Lemma lookup_ctx_subst G j C x :
  lookup (ctx_subst j C G) x = option_map (tsubst j C) (lookup G x).
Proof.
  induction G as [|[y A] G IH]; simpl; auto.
  destruct (x =? y); simpl; auto.
Qed.

Lemma ctx_subst_shift G C : ctx_subst 0 C (ctx_shift G) = G.
Proof.
  induction G as [|[y A] G IH]; simpl; auto.
  rewrite tsubst_tshift, IH; reflexivity.
Qed.

Lemma ctx_shift_subst G j C :
  ctx_shift (ctx_subst j C G) = ctx_subst (S j) (tshift 0 C) (ctx_shift G).
Proof.
  induction G as [|[y A] G IH]; simpl; auto.
  rewrite IH, tshift_tsubst by lia; reflexivity.
Qed.

Lemma typing_subst G t T : typing G t T ->
  forall j C, proper C -> typing (ctx_subst j C G) t (tsubst j C T).
Proof.
  induction 1; intros j C0 PC.
  - apply T_ax. rewrite lookup_ctx_subst, H; reflexivity.
  - apply T_arr_i; [apply proper_tsubst | apply IHtyping]; auto.
  - eapply T_arr_e; [apply IHtyping1 | apply IHtyping2]; auto.
  - apply T_all_i; [apply free_in_tsubst; auto; lia|].
    rewrite ctx_shift_subst. apply IHtyping, proper_tshift; auto.
  - unfold open_ty. rewrite tsubst_tsubst by lia.
    apply T_all_e; [apply proper_tsubst | apply IHtyping]; auto.
Qed.

(* A λ-term may acquire its type through ∀-introductions and ∀-eliminations;
   [lam_typing] strips the introductions and is stable under the eliminations. *)
Fixpoint lam_typing (G : ctx) (x : var) (u : term) (T : ty) : Prop :=
  match T with
  | Arr B C => proper B /\ typing ((x, B) :: G) u C
  | All T' => free_in 0 T' = true /\ lam_typing (ctx_shift G) x u T'
  | _ => False
  end.

Lemma lam_typing_subst T G x u j C : proper C -> lam_typing G x u T ->
  lam_typing (ctx_subst j C G) x u (tsubst j C T).
Proof.
  revert G j C; induction T; intros G j C PC H; simpl in *; try tauto.
  - destruct H as [P Ty]; split.
    + apply proper_tsubst; auto.
    + apply (typing_subst _ _ _ Ty j C PC).
  - destruct H as [F L]; split.
    + apply free_in_tsubst; auto; lia.
    + rewrite ctx_shift_subst. apply IHT; auto. apply proper_tshift; auto.
Qed.

Lemma typing_lam_inv G x u T : typing G (Lam x u) T -> lam_typing G x u T.
Proof.
  intros Ty; remember (Lam x u) as t eqn:Et; revert x u Et.
  induction Ty; intros y w Et; try discriminate.
  - injection Et as -> ->; simpl; auto.
  - simpl; split; auto.
  - destruct (IHTy y w Et) as [_ L].
    rewrite <- (ctx_subst_shift G C). apply lam_typing_subst; auto.
Qed.

Definition neutral (t : term) : Prop :=
  match t with Lam _ _ => False | _ => True end.

Lemma typing_var_neutral G t n : typing G t (TVar n) -> neutral t.
Proof. destruct t; simpl; auto. intros Ty. exact (typing_lam_inv _ _ _ _ Ty). Qed.

Lemma normal_app u v : normal (App u v) -> neutral u /\ normal u /\ normal v.
Proof. destruct u; simpl; tauto. Qed.

(** * Spines of neutral terms *)

Fixpoint head (t : term) : option var :=
  match t with Var x => Some x | App u _ => head u | Lam _ _ => None end.

Fixpoint nargs (t : term) : nat :=
  match t with App u _ => S (nargs u) | _ => 0 end.

Fixpoint atomic_target (D : ty) : Prop :=
  match D with Arr _ D2 => atomic_target D2 | All _ => False | _ => True end.

Fixpoint arity (D : ty) : nat :=
  match D with Arr _ D2 => S (arity D2) | _ => 0 end.

Fixpoint drop_args (n : nat) (D : ty) : ty :=
  match n, D with
  | S n', Arr _ D2 => drop_args n' D2
  | _, _ => D
  end.

Lemma drop_args_S n D B C : drop_args n D = Arr B C ->
  drop_args (S n) D = C /\ S n <= arity D.
Proof.
  revert D; induction n; intros D H; simpl in *.
  - subst; simpl; split; auto; lia.
  - destruct D; try discriminate. apply IHn in H. simpl. destruct H; split; auto; lia.
Qed.

Lemma drop_args_tshift n D c : drop_args n (tshift c D) = tshift c (drop_args n D).
Proof.
  revert D; induction n; intros D; simpl; auto.
  destruct D; simpl; auto. destruct (n0 <? c); auto.
Qed.

Lemma drop_args_const n k : drop_args n (TConst k) = TConst k.
Proof. destruct n; reflexivity. Qed.

Lemma atomic_target_tshift D c : atomic_target D -> atomic_target (tshift c D).
Proof. induction D; simpl; auto. destruct (n <? c); simpl; auto. Qed.

Lemma atomic_target_drop_args n D : atomic_target D -> atomic_target (drop_args n D).
Proof. revert D; induction n; intros D H; simpl; auto. destruct D; simpl in *; auto. Qed.

(* The type of a neutral term with a head of atomic target is read off the
   head's type: no ∀-rule can apply along the spine. *)
Lemma typing_spine G t T h D : typing G t T ->
  head t = Some h -> lookup G h = Some D -> atomic_target D ->
  T = drop_args (nargs t) D /\ nargs t <= arity D.
Proof.
  intros Ty; revert h D; induction Ty; intros h D Hh HL AD; simpl in *.
  - injection Hh as ->. rewrite HL in H; injection H as ->. split; auto; lia.
  - discriminate.
  - destruct (IHTy1 h D Hh HL AD) as [E L].
    symmetry in E. apply drop_args_S in E as [E L']; auto.
  - exfalso. assert (HL' : lookup (ctx_shift G) h = Some (tshift 0 D))
      by (rewrite lookup_ctx_shift, HL; reflexivity).
    destruct (IHTy h _ Hh HL' (atomic_target_tshift _ _ AD)) as [E _].
    rewrite drop_args_tshift in E. subst. rewrite free_in_tshift_self in H. discriminate.
  - exfalso. destruct (IHTy h D Hh HL AD) as [E _].
    pose proof (atomic_target_drop_args (nargs t) D AD) as A'. rewrite <- E in A'. exact A'.
Qed.

Lemma typing_head_not_all G t A h D : typing G t (All A) ->
  head t = Some h -> lookup G h = Some D -> atomic_target D -> False.
Proof.
  intros Ty Hh HL AD. destruct (typing_spine _ _ _ _ _ Ty Hh HL AD) as [E _].
  pose proof (atomic_target_drop_args (nargs t) D AD) as A'. rewrite <- E in A'. exact A'.
Qed.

* EXERCISE REQUIREMENTS *
Set the lines down exactly, from the first line of the records to the line where "[lam_typing] strips the" appears, with both ends kept.

* ANSWER TO THIS EXERCISE *
Lemma lookup_ctx_subst G j C x :
  lookup (ctx_subst j C G) x = option_map (tsubst j C) (lookup G x).
Proof.
  induction G as [|[y A] G IH]; simpl; auto.
  destruct (x =? y); simpl; auto.
Qed.

Lemma ctx_subst_shift G C : ctx_subst 0 C (ctx_shift G) = G.
Proof.
  induction G as [|[y A] G IH]; simpl; auto.
  rewrite tsubst_tshift, IH; reflexivity.
Qed.

Lemma ctx_shift_subst G j C :
  ctx_shift (ctx_subst j C G) = ctx_subst (S j) (tshift 0 C) (ctx_shift G).
Proof.
  induction G as [|[y A] G IH]; simpl; auto.
  rewrite IH, tshift_tsubst by lia; reflexivity.
Qed.

Lemma typing_subst G t T : typing G t T ->
  forall j C, proper C -> typing (ctx_subst j C G) t (tsubst j C T).
Proof.
  induction 1; intros j C0 PC.
  - apply T_ax. rewrite lookup_ctx_subst, H; reflexivity.
  - apply T_arr_i; [apply proper_tsubst | apply IHtyping]; auto.
  - eapply T_arr_e; [apply IHtyping1 | apply IHtyping2]; auto.
  - apply T_all_i; [apply free_in_tsubst; auto; lia|].
    rewrite ctx_shift_subst. apply IHtyping, proper_tshift; auto.
  - unfold open_ty. rewrite tsubst_tsubst by lia.
    apply T_all_e; [apply proper_tsubst | apply IHtyping]; auto.
Qed.

(* A λ-term may acquire its type through ∀-introductions and ∀-eliminations;
   [lam_typing] strips the introductions and is stable under the eliminations. *)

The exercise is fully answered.